Trastuzumab Pharmacokinetics: Trastuzumab is administered IV. Trastuzumab does not penetrate the blood-brain barrier. Adverse effects: – The most serious toxicity associated with the use of trastuzumab is congestive heart failure. The toxicity is worsened if given in combination with anthracycline. – Extreme caution should be exercised when giving the drugs to patients with preexisting cardiac dysfunction. – Other adverse effects include infusion-related fever and chills, headache, dizziness, nausea, vomiting, abdominal pain, and back pain, but these effects are well tolerated. – Cautious use of the drug is recommended in patients who are hypersensitive to the Chinese hamster ovary cell components of the proteins or to benzyl alcohol (in which case sterile water can be used in place of the bacteriostatic solution provided for preparation of the injection).

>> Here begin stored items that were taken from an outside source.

(* In the setting described in the context, fix $x^*\in X^*$ and $x\in\mathrm{dom}\,\Psi$, and let $R=\|x-x^*\|_L$. Then $$H(x,T(x))-F^*\leq\begin{cases}\left(1-\frac{F(x)-F^*}{2R^2}\right)(F(x)-F^* ), & \text{if } F(x)-F^*\leq R^2,\\ \frac12R^2<\frac12(F(x)-F^* ), & \text{otherwise.}\end{cases}$$
   Context: Let $U\in\mathbf{R}^{N\times N}$ be a column permutation of the $N\times N$ identity matrix, partitioned as $U=[U_1,\dots,U_n]$ with $U_i\in\mathbf{R}^{N\times N_i}$, $\sum_i N_i=N$. For $x\in\mathbf{R}^N$ write $x^{(i)}=U_i^Tx$, so $x=\sum_iU_ix^{(i)}$. Each $\mathbf{R}^{N_i}$ carries the norm $\|t\|_{(i)}=\langle B_it,t\rangle^{1/2}$ and dual norm $\|t\|_{(i)}^*=\langle B_i^{-1}t,t\rangle^{1/2}$ with $B_i$ positive definite. Consider minimizing $F(x)=f(x)+\Psi(x)$ over $\mathbf{R}^N$, where $f$ is convex and differentiable with $\|\nabla_if(x+U_it)-\nabla_if(x)\|_{(i)}^*\leq L_i\|t\|_{(i)}$ for all $x,t,i$ (constants $L_i>0$, $\nabla_if(x)=U_i^T\nabla f(x)$), and $\Psi(x)=\sum_i\Psi_i(x^{(i)})$ with each $\Psi_i$ proper closed convex. The problem has a minimizer; $F^*$ is the optimal value and $X^*$ the set of minimizers. Let $\|x\|_L=(\sum_iL_i\|x^{(i)}\|_{(i)}^2)^{1/2}$. Define $V_i(x,t)=\langle\nabla_if(x),t\rangle+\frac{L_i}{2}\|t\|_{(i)}^2+\Psi_i(x^{(i)}+t)$, $T^{(i)}(x)=\arg\min_tV_i(x,t)$, $T(x)=\sum_iU_iT^{(i)}(x)$, and $H(x,T)=f(x)+\langle\nabla f(x),T\rangle+\frac12\|T\|_L^2+\Psi(x+T)$. *)

From HB Require Import structures.
From mathcomp Require Import all_boot all_order all_algebra.
From mathcomp Require Import all_classical all_reals all_analysis.
Set Implicit Arguments. Unset Strict Implicit. Unset Printing Implicit Defensive.
Import Order.TTheory GRing.Theory Num.Theory.
Import numFieldNormedType.Exports.
Local Open Scope ring_scope.

Definition dotv (R : realType) (k : nat) (a b : 'cV[R]_k) : R :=
  \sum_(j < k) a j 0 * b j 0.

Definition bnorm (R : realType) (k : nat) (B : 'M[R]_k) (t : 'cV[R]_k) : R :=
  Num.sqrt (dotv (B *m t) t).
Definition bdnorm (R : realType) (k : nat) (B : 'M[R]_k) (t : 'cV[R]_k) : R :=
  Num.sqrt (dotv (invmx B *m t) t).

Definition posdef (R : realType) (k : nat) (B : 'M[R]_k) : Prop :=
  B^T = B /\ forall t : 'cV[R]_k, t != 0 -> 0 < dotv (B *m t) t.

Definition Ublk (R : realType) (n : nat) (Ns : 'I_n -> nat)
  (U : 'M[R]_(\sum_(i < n) Ns i)) (i : 'I_n) : 'M[R]_(\sum_(i < n) Ns i, Ns i) :=
  submxrow U i.

Definition blk (R : realType) (n : nat) (Ns : 'I_n -> nat)
  (U : 'M[R]_(\sum_(i < n) Ns i)) (i : 'I_n) (x : 'cV[R]_(\sum_(i < n) Ns i))
  : 'cV[R]_(Ns i) := (Ublk U i)^T *m x.

Definition convex_fun (R : realType) (k : nat) (f : 'cV[R]_k -> R) : Prop :=
  forall (x y : 'cV[R]_k) (l : R), 0 <= l <= 1 ->
    f (l *: x + (1 - l) *: y) <= l * f x + (1 - l) * f y.

Definition proper_fun (R : realType) (k : nat) (g : 'cV[R]_k -> \bar R) : Prop :=
  (forall x, g x != -oo)%E /\ (exists x, g x < +oo)%E.
Definition econvex_fun (R : realType) (k : nat) (g : 'cV[R]_k -> \bar R) : Prop :=
  forall (x y : 'cV[R]_k) (l : R), 0 < l < 1 ->
    (g (l *: x + (1 - l) *: y)%R <= l%:E * g x + (1 - l)%:E * g y)%E.
Definition proper_closed_convex (R : realType) (k : nat) (g : 'cV[R]_k -> \bar R)
  : Prop := proper_fun g /\ lower_semicontinuous g /\ econvex_fun g.

Definition is_gradient (R : realType) (k : nat) (f : 'cV[R]_k -> R)
  (gradf : 'cV[R]_k -> 'cV[R]_k) : Prop :=
  forall x, differentiable f x /\ forall h, 'd f x h = dotv (gradf x) h.

From HB Require Import structures.
From mathcomp Require Import all_boot all_order all_algebra.
From mathcomp Require Import all_classical all_reals all_analysis.
From mathcomp Require Import perm ring lra.
Import Order.TTheory GRing.Theory Num.Theory.
Import numFieldNormedType.Exports.
Local Open Scope ring_scope.
Local Open Scope classical_set_scope.

(* By separability, [H(x, T(x))] is the minimum over all steps [h] of the model
   [f(x) + <grad f(x), h> + |h|_L^2/2 + Psi(x + h)].  Along the segment
   [h = a (x^* - x)], [0 <= a <= 1], convexity of [f] (tangent inequality) and of
   [Psi] bound the model by [F^* + (1 - a) D + a^2 R^2 / 2], where
   [D = F(x) - F^*]; minimising this quadratic in [a] gives [a = D / R^2] when
   this is at most [1], and [a = 1] otherwise. *)

Lemma convex_fun_tangent (R : realType) k (f : 'cV[R]_k -> R) (x v : 'cV[R]_k) :
  convex_fun f -> differentiable f x -> f x + 'd f x v <= f (x + v).
Proof.
(* The difference quotients over [0 < h < 1] are bounded by the chord slope
   [f (x + v) - f x]. *)
move=> cf df; rewrite -deriveE // -lerBrDl.
have dv := diff_derivable (v := v) df; rewrite /derivable in dv; rewrite /derive.
set g := fun h : R => h^-1 *: ((f \o shift x) (h *: v) - f x).
have g_cvg_right : g @ 0^'+ --> lim (g @ 0^').
  move=> A /dv /nbhs_ballP [_ /posnumP[e] xe_A].
  by exists e%:num => //= y xe_y /gt_eqF/negbT/xe_A; exact.
apply: (cvgr_to_le g_cvg_right); near=> h.
have h0 : 0 < h by near: h; exact: nbhs_right_gt.
have h1 : h < 1 by near: h; exact: nbhs_right_lt.
have := cf (x + v) x h; rewrite (ltW h0) (ltW h1) => /(_ isT).
have -> : h *: (x + v) + (1 - h) *: x = h *: v + x.
  by rewrite scalerDr scalerBl scale1r addrC addrA subrK addrC.
move=> chord; rewrite /g /= -ler_pdivlMl ?invr_gt0 // invrK lerBlDr.
by apply: (le_trans chord); rewrite mulrBr mulrBl mul1r; lra.
Unshelve. all: by end_near. Qed.

Lemma econvex_fun_fin (R : realType) k (g : 'cV[R]_k -> \bar R) u v (a : R) :
  econvex_fun g -> g u \is a fin_num -> g v \is a fin_num -> 0 <= a <= 1 ->
  (g (a *: u + (1 - a) *: v)%R <= (a * fine (g u) + (1 - a) * fine (g v))%:E)%E.
Proof.
move=> cg gu gv /andP[a0 a1].
have [->|a_neq0] := eqVneq a 0.
  by rewrite scale0r add0r subr0 scale1r mul0r add0r mul1r fineK.
have [->|a_neq1] := eqVneq a 1.
  by rewrite subrr scale0r addr0 scale1r mul0r addr0 mul1r fineK.
have a_in : 0 < a < 1 by rewrite !lt_neqAle eq_sym a_neq0 a_neq1 a0 a1.
by apply: (le_trans (cg _ _ _ a_in)); rewrite -(fineK gu) -(fineK gv).
Qed.

Lemma dotvE (R : realType) k (a b : 'cV[R]_k) : dotv a b = (a^T *m b) 0 0.
Proof. by rewrite /dotv mxE; apply: eq_bigr => j _; rewrite mxE. Qed.

Lemma dotv_mulmxr (R : realType) k m (g : 'cV[R]_k) (A : 'M[R]_(k, m)) t :
  dotv g (A *m t) = dotv (A^T *m g) t.
Proof. by rewrite !dotvE trmx_mul trmxK mulmxA. Qed.

Lemma dotv_sumr (R : realType) k (I : finType) (g : 'cV[R]_k) (u : I -> 'cV[R]_k) :
  dotv g (\sum_i u i) = \sum_i dotv g (u i).
Proof. by rewrite dotvE mulmx_sumr summxE; apply: eq_bigr => i _; rewrite dotvE. Qed.

Lemma bnormZ (R : realType) k (B : 'M[R]_k) (c : R) t :
  bnorm B (c *: t) ^+ 2 = c ^+ 2 * bnorm B t ^+ 2.
Proof.
have dotvZ : dotv (c *: (B *m t)) (c *: t) = c ^+ 2 * dotv (B *m t) t.
  by rewrite /dotv mulr_sumr; apply: eq_bigr => j _; rewrite !mxE; ring.
rewrite /bnorm -scalemxAr dotvZ sqrtrM ?sqr_ge0 // sqrtr_sqr exprMn.
by rewrite real_normK ?num_real.
Qed.

Section Blocks.
Context {R : realType} {n : nat} {Ns : 'I_n -> nat} {U : 'M[R]_(\sum_(i < n) Ns i)}.

Lemma blkD i a b : blk U i (a + b) = blk U i a + blk U i b.
Proof. by rewrite /blk mulmxDr. Qed.

Lemma blkZ i (c : R) a : blk U i (c *: a) = c *: blk U i a.
Proof. by rewrite /blk scalemxAr. Qed.

Hypothesis U_perm : is_perm_mx U.

Lemma perm_mx_mulmx_tr : U *m U^T = 1%:M.
Proof. by case/is_perm_mxP: U_perm => s ->; rewrite tr_perm_mx -perm_mxM mulgV perm_mx1. Qed.

Lemma perm_mx_tr_mulmx : U^T *m U = 1%:M.
Proof. by case/is_perm_mxP: U_perm => s ->; rewrite tr_perm_mx -perm_mxM mulVg perm_mx1. Qed.

Lemma blk_sum (t : forall i, 'cV[R]_(Ns i)) i :
  blk U i (\sum_j Ublk U j *m t j) = t i.
Proof.
rewrite /blk /Ublk -mul_mxrow_mxcol submxrowK tr_submxrow submxcol_mul.
by rewrite mulmxA perm_mx_tr_mulmx mul1mx mxcolK.
Qed.

Lemma sum_Ublk_mulmx_tr : \sum_i Ublk U i *m (Ublk U i)^T = 1%:M.
Proof. by rewrite -perm_mx_mulmx_tr /Ublk -mul_mxrow_mxcol -tr_mxrow submxrowK. Qed.

Lemma sum_blk y : \sum_i Ublk U i *m blk U i y = y.
Proof.
rewrite -[RHS]mul1mx -sum_Ublk_mulmx_tr mulmx_suml.
by apply: eq_bigr => i _; rewrite mulmxA.
Qed.

End Blocks.

Section BlockModel.
Context {R : realType} {n : nat} {Ns : 'I_n -> nat} {U : 'M[R]_(\sum_(i < n) Ns i)}.
Context {B : forall i : 'I_n, 'M[R]_(Ns i)} {L : 'I_n -> R}.
Context {Psi : forall i : 'I_n, 'cV[R]_(Ns i) -> \bar R}.

Local Notation PsiS y := (\sum_(i < n) Psi i (blk U i y))%E.
Local Notation Lnorm2 y := (\sum_(i < n) L i * bnorm (B i) (blk U i y) ^+ 2).

Lemma Lnorm2_ge0 y : (forall i, 0 < L i) -> 0 <= Lnorm2 y.
Proof. by move=> L_gt0; apply: sumr_ge0 => i _; rewrite mulr_ge0 ?sqr_ge0 // ltW. Qed.

Lemma Lnorm2Z (c : R) y : Lnorm2 (c *: y) = c ^+ 2 * Lnorm2 y.
Proof. by rewrite mulr_sumr; apply: eq_bigr => i _; rewrite blkZ bnormZ mulrCA. Qed.

Hypothesis Psi_pcc : forall i, proper_closed_convex (Psi i).

Lemma psi_sum_neqNy y : PsiS y != -oo%E.
Proof.
apply/eqP => /esum_eqNyP [i [_ _ /eqP]].
by case: (Psi_pcc i) => [[/(_ (blk U i y))/negbTE -> _] _].
Qed.

Lemma psi_sum_fin_num y : (PsiS y < +oo)%E -> PsiS y \is a fin_num.
Proof. by move=> y_dom; rewrite fin_numE psi_sum_neqNy -ltey y_dom. Qed.

Lemma psi_blk_fin_num y i : (PsiS y < +oo)%E -> Psi i (blk U i y) \is a fin_num.
Proof. by move/psi_sum_fin_num/sum_fin_numP; apply; rewrite ?mem_index_enum. Qed.

Lemma psi_sum_convex u v (a : R) :
  (PsiS u < +oo)%E -> (PsiS v < +oo)%E -> 0 <= a <= 1 ->
  (PsiS (a *: u + (1 - a) *: v) <=
     (a * fine (PsiS u) + (1 - a) * fine (PsiS v))%:E)%E.
Proof.
move=> /psi_blk_fin_num u_fin /psi_blk_fin_num v_fin a01.
rewrite -!sum_fine // !mulr_sumr -big_split -sumEFin /=.
apply: lee_sum => i _; rewrite blkD !blkZ.
by case: (Psi_pcc i) => [_ [_ Psi_cvx]]; apply: econvex_fun_fin.
Qed.

Context {f : 'cV[R]_(\sum_(i < n) Ns i) -> R}.
Context {gradf : 'cV[R]_(\sum_(i < n) Ns i) -> 'cV[R]_(\sum_(i < n) Ns i)}.
Context {x : 'cV[R]_(\sum_(i < n) Ns i)}.

Local Notation V := (fun (i : 'I_n) (t : 'cV[R]_(Ns i)) =>
  ((dotv (blk U i (gradf x)) t + L i / 2 * bnorm (B i) t ^+ 2)%:E
     + Psi i (blk U i x + t)%R)%E).
Local Notation model := (fun h : 'cV[R]_(\sum_(i < n) Ns i) =>
  ((f x + dotv (gradf x) h + Lnorm2 h / 2)%:E + PsiS (x + h)%R)%E).

Hypothesis U_perm : is_perm_mx U.

Lemma model_sum_blk (t : forall i, 'cV[R]_(Ns i)) :
  model (\sum_i Ublk U i *m t i) = ((f x)%:E + \sum_i V i (t i))%E.
Proof.
rewrite /= -addrA.
have -> : dotv (gradf x) (\sum_i Ublk U i *m t i) + Lnorm2 (\sum_i Ublk U i *m t i) / 2
          = \sum_i (dotv (blk U i (gradf x)) (t i) + L i / 2 * bnorm (B i) (t i) ^+ 2).
  rewrite big_split dotv_sumr mulr_suml /=; congr (_ + _); apply: eq_bigr => i _.
  - by rewrite dotv_mulmxr.
  - by rewrite blk_sum // mulrAC.
rewrite EFinD -sumEFin big_split /= addeA.
by congr (_ + _)%E; apply: eq_bigr => i _; rewrite blkD blk_sum.
Qed.

Lemma model_le_of_argmin (Tx : forall i, 'cV[R]_(Ns i)) h :
  (forall i t, (V i (Tx i) <= V i t)%E) ->
  (model (\sum_i Ublk U i *m Tx i)%R <= model h)%E.
Proof.
move=> Tx_min; rewrite -(sum_blk U_perm h) !model_sum_blk.
by apply: leeD2l; apply: lee_sum => i _; apply: Tx_min.
Qed.

Hypotheses (f_convex : convex_fun f) (f_grad : is_gradient f gradf).

Lemma model_segment_le xs (a : R) :
  (PsiS x < +oo)%E -> (PsiS xs < +oo)%E -> 0 <= a <= 1 ->
  (model ((- a) *: (x - xs)) <=
     ((1 - a) * (f x + fine (PsiS x)) + a * (f xs + fine (PsiS xs))
      + a ^+ 2 / 2 * Lnorm2 (x - xs))%:E)%E.
Proof.
move=> x_dom xs_dom a01 /=; set h := (- a) *: (x - xs).
have xhE : x + h = a *: xs + (1 - a) *: x.
  by apply/matrixP => i j; rewrite !mxE; lra.
have tangent : f x + dotv (gradf x) h <= f (x + h).
  by have [dfx <-] := f_grad x; apply: convex_fun_tangent.
have chord : f (x + h) <= a * f xs + (1 - a) * f x.
  by rewrite xhE; apply: f_convex.
rewrite Lnorm2Z sqrrN xhE.
apply: (le_trans (leeD2l _ (psi_sum_convex _ _ _ xs_dom x_dom a01))).
by rewrite -EFinD lee_fin; lra.
Qed.

End BlockModel.

Lemma descent_step_bound (R : realFieldType) (D r : R) (e : \bar R) :
  0 <= D -> 0 <= r ->
  (forall a, 0 <= a <= 1 -> (e <= ((1 - a) * D + a ^+ 2 / 2 * r)%:E)%E) ->
  (D <= r -> (e <= ((1 - D / (2 * r)) * D)%:E)%E) /\
  (r < D -> (e <= (r / 2)%:E)%E /\ r / 2 < D / 2).
Proof.
move=> D_ge0 r_ge0 bound; split=> [D_le_r | r_lt_D]; last first.
  split; last by lra.
  by apply: (le_trans (bound 1 _)); rewrite ?ler01 ?lexx // lee_fin expr1n; lra.
have [r_eq0|r_neq0] := eqVneq r 0.
  have D_eq0 : D = 0 by apply/le_anti; rewrite D_ge0 -r_eq0 D_le_r.
  apply: (le_trans (bound 0 _)); first by rewrite lexx ler01.
  by rewrite lee_fin D_eq0 r_eq0; lra.
have r_gt0 : 0 < r by rewrite lt_def r_neq0 r_ge0.
apply: (le_trans (bound (D / r) _)).
  by rewrite divr_ge0 //= ler_pdivrMr // mul1r.
by rewrite lee_fin le_eqVlt; apply/orP; left; apply/eqP; field.
Qed.

Theorem lemma3 (R : realType) (n : nat) (Ns : 'I_n -> nat)
  (U : 'M[R]_(\sum_(i < n) Ns i)) (B : forall i : 'I_n, 'M[R]_(Ns i))
  (f : 'cV[R]_(\sum_(i < n) Ns i) -> R)
  (gradf : 'cV[R]_(\sum_(i < n) Ns i) -> 'cV[R]_(\sum_(i < n) Ns i))
  (L : 'I_n -> R) (Psi : forall i : 'I_n, 'cV[R]_(Ns i) -> \bar R)
  (xs x : 'cV[R]_(\sum_(i < n) Ns i)) (Tx : forall i : 'I_n, 'cV[R]_(Ns i)) :
  is_perm_mx U ->
  (forall i, posdef (B i)) ->
  convex_fun f ->
  is_gradient f gradf ->
  (forall i, 0 < L i) ->
  (forall y (i : 'I_n) (t : 'cV[R]_(Ns i)),
     bdnorm (B i) (blk U i (gradf (y + Ublk U i *m t)) - blk U i (gradf y))
       <= L i * bnorm (B i) t) ->
  (forall i, proper_closed_convex (Psi i)) ->
  let PsiS := fun y => (\sum_(i < n) Psi i (blk U i y))%E in
  let F := fun y => ((f y)%:E + PsiS y)%E in
  (forall y, (F xs <= F y)%E) ->
  (PsiS x < +oo)%E ->
  let V := fun (i : 'I_n) (t : 'cV[R]_(Ns i)) =>
    ((dotv (blk U i (gradf x)) t + L i / 2 * bnorm (B i) t ^+ 2)%:E
      + Psi i (blk U i x + t)%R)%E in
  (forall i t, (V i (Tx i) <= V i t)%E) ->
  let T := \sum_(i < n) Ublk U i *m Tx i in
  let Lnorm2 := fun y => \sum_(i < n) L i * bnorm (B i) (blk U i y) ^+ 2 in
  let H := ((f x + dotv (gradf x) T + Lnorm2 T / 2)%:E + PsiS (x + T)%R)%E in
  let Rr := Num.sqrt (Lnorm2 (x - xs)) in
  let D := fine (F x - F xs)%E in
  (D <= Rr ^+ 2 ->
     (H - F xs <= ((1 - D / (2 * Rr ^+ 2)) * D)%:E)%E) /\
  (Rr ^+ 2 < D ->
     (H - F xs <= (Rr ^+ 2 / 2)%:E)%E /\ Rr ^+ 2 / 2 < D / 2).
Proof.
(* Only convexity enters. *)
move=> U_perm _ f_convex f_grad L_gt0 _ Psi_pcc PsiS F F_min x_dom V Tx_min
  T Lnorm2 H Rr D.
have Fx : F x = (f x + fine (PsiS x))%:E.
  by rewrite EFinD fineK // psi_sum_fin_num.
have xs_dom : (PsiS xs < +oo)%E.
  by rewrite ltey; apply/eqP => xs_inf; move: (F_min x); rewrite Fx /F xs_inf addey.
have Fxs : F xs = (f xs + fine (PsiS xs))%:E.
  by rewrite EFinD fineK // psi_sum_fin_num.
have DE : D = f x + fine (PsiS x) - (f xs + fine (PsiS xs)) by rewrite /D Fx Fxs.
have Rr2 : Rr ^+ 2 = Lnorm2 (x - xs) by rewrite sqr_sqrtr //; apply: Lnorm2_ge0.
apply: descent_step_bound; [by rewrite DE subr_ge0 -lee_fin -Fx -Fxs | exact: sqr_ge0 |].
move=> a a01; rewrite Fxs leeBlDr //.
apply: (le_trans (model_le_of_argmin U_perm _ ((- a) *: (x - xs)) Tx_min)).
apply: (le_trans (model_segment_le Psi_pcc f_convex f_grad xs a x_dom xs_dom a01)).
rewrite -EFinD lee_fin DE Rr2 -/(PsiS x) -/(PsiS xs) -/(Lnorm2 (x - xs)).
by rewrite le_eqVlt; apply/orP; left; apply/eqP; ring.
Qed.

Rituximab Rituximab (ri-TUCKS-ih-mab) was the first monoclonal antibody to be approved for the treatment of cancer. It is a genetically engineered, chimeric monoclonal antibody directed against the CD20 antigen that is found on the surfaces of normal and malignant B lymphocytes. CD20 plays a role in the activation process for cell-cycle initiation and differentiation. The CD20 antigen is expressed on nearly all B-cell non-Hodgkin lymphomas but not in other bone marrow cells. Rituximab has proven to be effective in the treatment of posttransplant lymphoma and in chronic lymphocytic leukemia.
Rituximab Mechanism of action: The Fab domain of rituximab binds to the CD20 antigen on the B lymphocytes, and its Fc domain recruits immune effector functions, inducing complement and antibody dependent, cell-mediated cytotoxicity of the B cells. The antibody is commonly used with other combinations of anticancer agents, such as cyclophosphamide, doxorubicin, vincristine (Oncovin), and prednisone (CHOP).
Rituximab Pharmacokinetics: Rituximab is infused IV and causes a rapid depletion of B cells (both normal and malignant). The fate of the antibody has not been described.
Rituximab Adverse effects: Severe adverse reactions have been fatal. It is important to infuse rituximab slowly. Hypotension and bronchospasm may occur. Chills and fever commonly accompany the first infusion, especially in patients with high circulating levels of neoplastic cells, because of rapid activation of complement, which results in the release of tumor necrosis factor α and interleukins. Pretreatment with diphenhydramine, acetaminophen, and bronchodilators can ameliorate these problems. Cardiac arrhythmias can also occur.